TTAVIA RETURNED FROM ROME IN TRIUMPH, AND FOR THE NEXT four days, as Tibor’s birthday approached, she was treated the way she imagined a daughter ought. Cristina installed her in the Yellow House down by the creek. With the antiqued brass of the four-poster and the angelic white of the sheets and mosquito netting, Ottavia was starring in Cristina’s idea of an Ibsen dollhouse, in the stately pleasure dome of TiborTina — the upstate kingdom that coupled Cristina’s name and Tibor’s to an approximation of the Roman island of Tiberina, so central to their beginnings in the western world. Ottavia’s yellow dollhouse by the creek sat below the white clapboard house of the Master and the Mistress, the red-sided barn for the Bomb Squad and the Nurses, and the host of guest cottages — the love children of Andrew Wyeth and David Hockney in bright pastels of magenta, chromium, and cobalt. All the color, all the light refracted through poplar and reflected off water and wrapped Ottavia in familial comfort and power.

She rose at dawn on Tibor’s birthday, as she had each of the preceding dawns. The morning was still cool. She crossed the bridge over the creek and strode up a tractor path through the meadow and past the vegetable patch to the pond. She swam for an hour, back and forth across the water, roughly following the minute hand clockwise. By the time she’d dried herself and climbed up the wooden terraces to the back deck of the White House, Cristina was waiting for her with grapefruit juice, café crème, and a basketful of fresh breakfast. Cristina met Ottavia in a fully engaged present, full of mutual marvel and wonder at the butter and marmalade and cut flowers of her Paradiso. Ottavia had grown at least an inch and a half since repatriating Tibor and convincing Malory to leave the Villa Septimania and fly to the United States. If Cristina was the president of TiborTina, Ottavia was anxious to prove herself a worthy secretary of state and see this diplomatic mission through to a world-changing conclusion.

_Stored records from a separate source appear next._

Let losing_M1_total :
  {in losing, forall w, exists2 v, v \in gaining & (v, w) \in M1}.
Proof.
move=> w wl; have /[!inE] /andP[cw _] := wl.
have [v [_ [/setDP[vw _] _]]] := comp_woman_partners cw.
by exists v => //; apply: losing_M1_gaining vw.
Qed.

Let M2_inj v v' w : (v, w) \in M2 -> (v', w) \in M2 -> v = v'.
Proof. exact: matching_injective. Qed.

Let M1_inj w w' v : (v, w) \in M1 -> (v, w') \in M1 -> w = w'.
Proof. exact: matching_functional. Qed.

Lemma card_gaining_losing : #|gaining| = #|losing|.
Proof.
apply/eqP; rewrite eqn_leq.
by rewrite (leq_card_rel gaining_M2_total M2_inj) (leq_card_rel losing_M1_total M1_inj).
Qed.

Lemma gaining_M1_losing v w : v \in gaining -> (v, w) \in M1 -> w \in losing.
Proof.
move=> vg vw.
have [w' w'l vw'] := rel_onto losing_M1_total M1_inj (eq_leq card_gaining_losing) vg.
by rewrite (matching_functional mat1 vw vw').
Qed.

Lemma losing_M2_gaining v w : w \in losing -> (v, w) \in M2 -> v \in gaining.
Proof.
move=> wl vw.
have [v' v'g v'w] := rel_onto gaining_M2_total M2_inj (eq_leq (esym card_gaining_losing)) wl.
by rewrite (matching_injective mat2 vw v'w).
Qed.

Let in_gaining_side (y : U + W) : bool :=
  match y with inl v => v \in gaining | inr w => w \in losing end.

Lemma gaining_side_closed : closed (diff_adj M1 M2) in_gaining_side.
Proof.
apply: (intro_closed comp_sym) => -[v|w] [v'|w'] //=; rewrite /symdiff !inE.
  case/orP=> /andP[_ vw] vg; first exact: gaining_M1_losing vg vw.
  exact: gaining_M2_losing vg vw.
case/orP=> /andP[_ vw] wl; first exact: losing_M1_gaining wl vw.
exact: losing_M2_gaining wl vw.
Qed.

Lemma comp_typeI_or_typeII :
  comp_typeI prefU prefW M1 M2 x0 || comp_typeII prefU prefW M1 M2 x0.
Proof.
have side_const y : comp y -> in_gaining_side y = in_gaining_side x0.
  by move=> cy; symmetry; exact: (closed_connect gaining_side_closed cy).
case side_x0: (in_gaining_side x0); [apply/orP; left | apply/orP; right];
  apply/andP; split; apply/forallP=> y; apply/implyP=> cy;
  have := side_const _ cy; rewrite side_x0 /= inE cy //=.
- have [w1 [w2 [/setDP[vw1 _] /setDP[vw2 vw2N]]]] := comp_man_partners cy.
  move/negbT/existsPn/(_ w1)/existsPn/(_ w2); rewrite vw1 vw2 /= => not_gains.
  apply/existsP; exists w1; apply/existsP; exists w2; rewrite vw1 vw2 /=.
  by apply: strict_total_connex => //; apply: contraNneq vw2N => <-.
- have [u1 [u2 [/setDP[u1w u1wN] /setDP[u2w _]]]] := comp_woman_partners cy.
  move/negbT/existsPn/(_ u1)/existsPn/(_ u2); rewrite u1w u2w /= => not_loses.
  apply/existsP; exists u1; apply/existsP; exists u2; rewrite u1w u2w /=.
  by apply: strict_total_connex => //; apply: contraNneq u1wN => <-.
Qed.

End CycleComponent.

End Matchings.

Theorem mainTheorem6 (U W : finType) (W1 : {set W})
  (prefU : U -> rel W) (prefW : W -> rel U)
  (hW1 : #|W1| <= #|W|) (hcard : #|W| = #|U|)
  (hprefU : forall u, strict_total_order (prefU u))
  (hprefW : forall w, strict_total_order (prefW w))
  (M1 M2 : {set U * W})
  (hM1 : stable_matching prefU prefW W1 M1)
  (hM2 : stable_matching prefU prefW [set: W] M2) :
  men_dominates prefU (M2prime prefU prefW M1 M2) M2.
Proof.
move=> u w' uw'M2.
have keep : (u, w') \in M2prime prefU prefW M1 M2 ->
    exists2 w, (u, w) \in M2prime prefU prefW M1 M2 & w = w' \/ prefU u w w'.
  by move=> uw'M2'; exists w'; last left.
have [uw'M1 | uw'M1N] := boolP ((u, w') \in M1).
  by apply: keep; rewrite inE /= !inE uw'M1 uw'M2.
case cyc: (comp_is_cycle M1 M2 (inl u)); last first.
  by apply: keep; rewrite inE /= !inE (negbTE uw'M1N) uw'M2 cyc.
case tI: (comp_typeI prefU prefW M1 M2 (inl u)).
  by apply: keep; rewrite inE /= !inE (negbTE uw'M1N) uw'M2 cyc tI orbT.
have := comp_typeI_or_typeII hprefU hprefW hM1 hM2 cyc; rewrite tI /= => tII.
have /andP[/forallP/(_ u)/implyP/(_ (connect0 _ _)) u_prefers_M1 _] := tII.
have /existsP[w1 /existsP[w2 /and3P[uw1 uw2 pref_u]]] := u_prefers_M1.
have w2E := matching_functional hM2.1.1 uw2 uw'M2; subst w2.
have uw1N : (u, w1) \notin M2.
  apply: contraL pref_u => uw1M2.
  by rewrite (matching_functional hM2.1.1 uw1M2 uw'M2) strict_total_irr.
exists w1; last by right.
by rewrite inE /= !inE uw1 uw1N cyc tII !orbT.
Qed.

Once she’d heard that Malory had agreed to come to Tibor’s party, Cristina stepped into high gear. Malory’s plane was due to land at Teterboro at noon. His driver would deposit him at the Blue House at two, giving him time to shower and rest. Drinks would be at five, dinner at six in deference to Malory’s jetlag. Simple. Cristina had initially wanted to invite surviving Nurses, mobile remnants of the Bomb Squad, a producer or two, and a number of local neighbors to celebrate. That was Plan A. But given the unpredictable state of Tibor’s storm front, Cristina had changed plans so many times she was well past the alphabet.

In the ten days since he had returned from London, Tibor had done little but sit on the deck in a wooden-slatted Adirondack chair, look down at the pine-ringed pond, and smoke himself into a fog. He wasn’t drinking — there wasn’t even a flip-top can of turpentine on the ten acres of TiborTina. Cristina wasn’t certain this silent alternative was more desirable. But although he sat apart in his Adirondack, the white of Tibor’s shirt and trousers and the gray of his hair and cigarette smoke mixed into a shade of solidity that anchored the women and convinced them that, as long as the cigarettes held out, there would be fifty more years in TiborTina of peace and hope.

Still, Cristina needed fruit and vegetables. More, she needed Tibor to show some signs of life.

“Darling,” she said to Ottavia. “Why don’t you drive Tibor down to the Farmers’ Market after lunch and pick up a few things for dinner?”

On that Monday afternoon, there were a dozen or so cars and SUVs at the round barn of the Farmers’ Market. Across River Road, two beat-up Chevy 10s stood in front of the Seven Veils Bar & Grill. An early-model BMW idled in front of Kolodney’s Fish Market.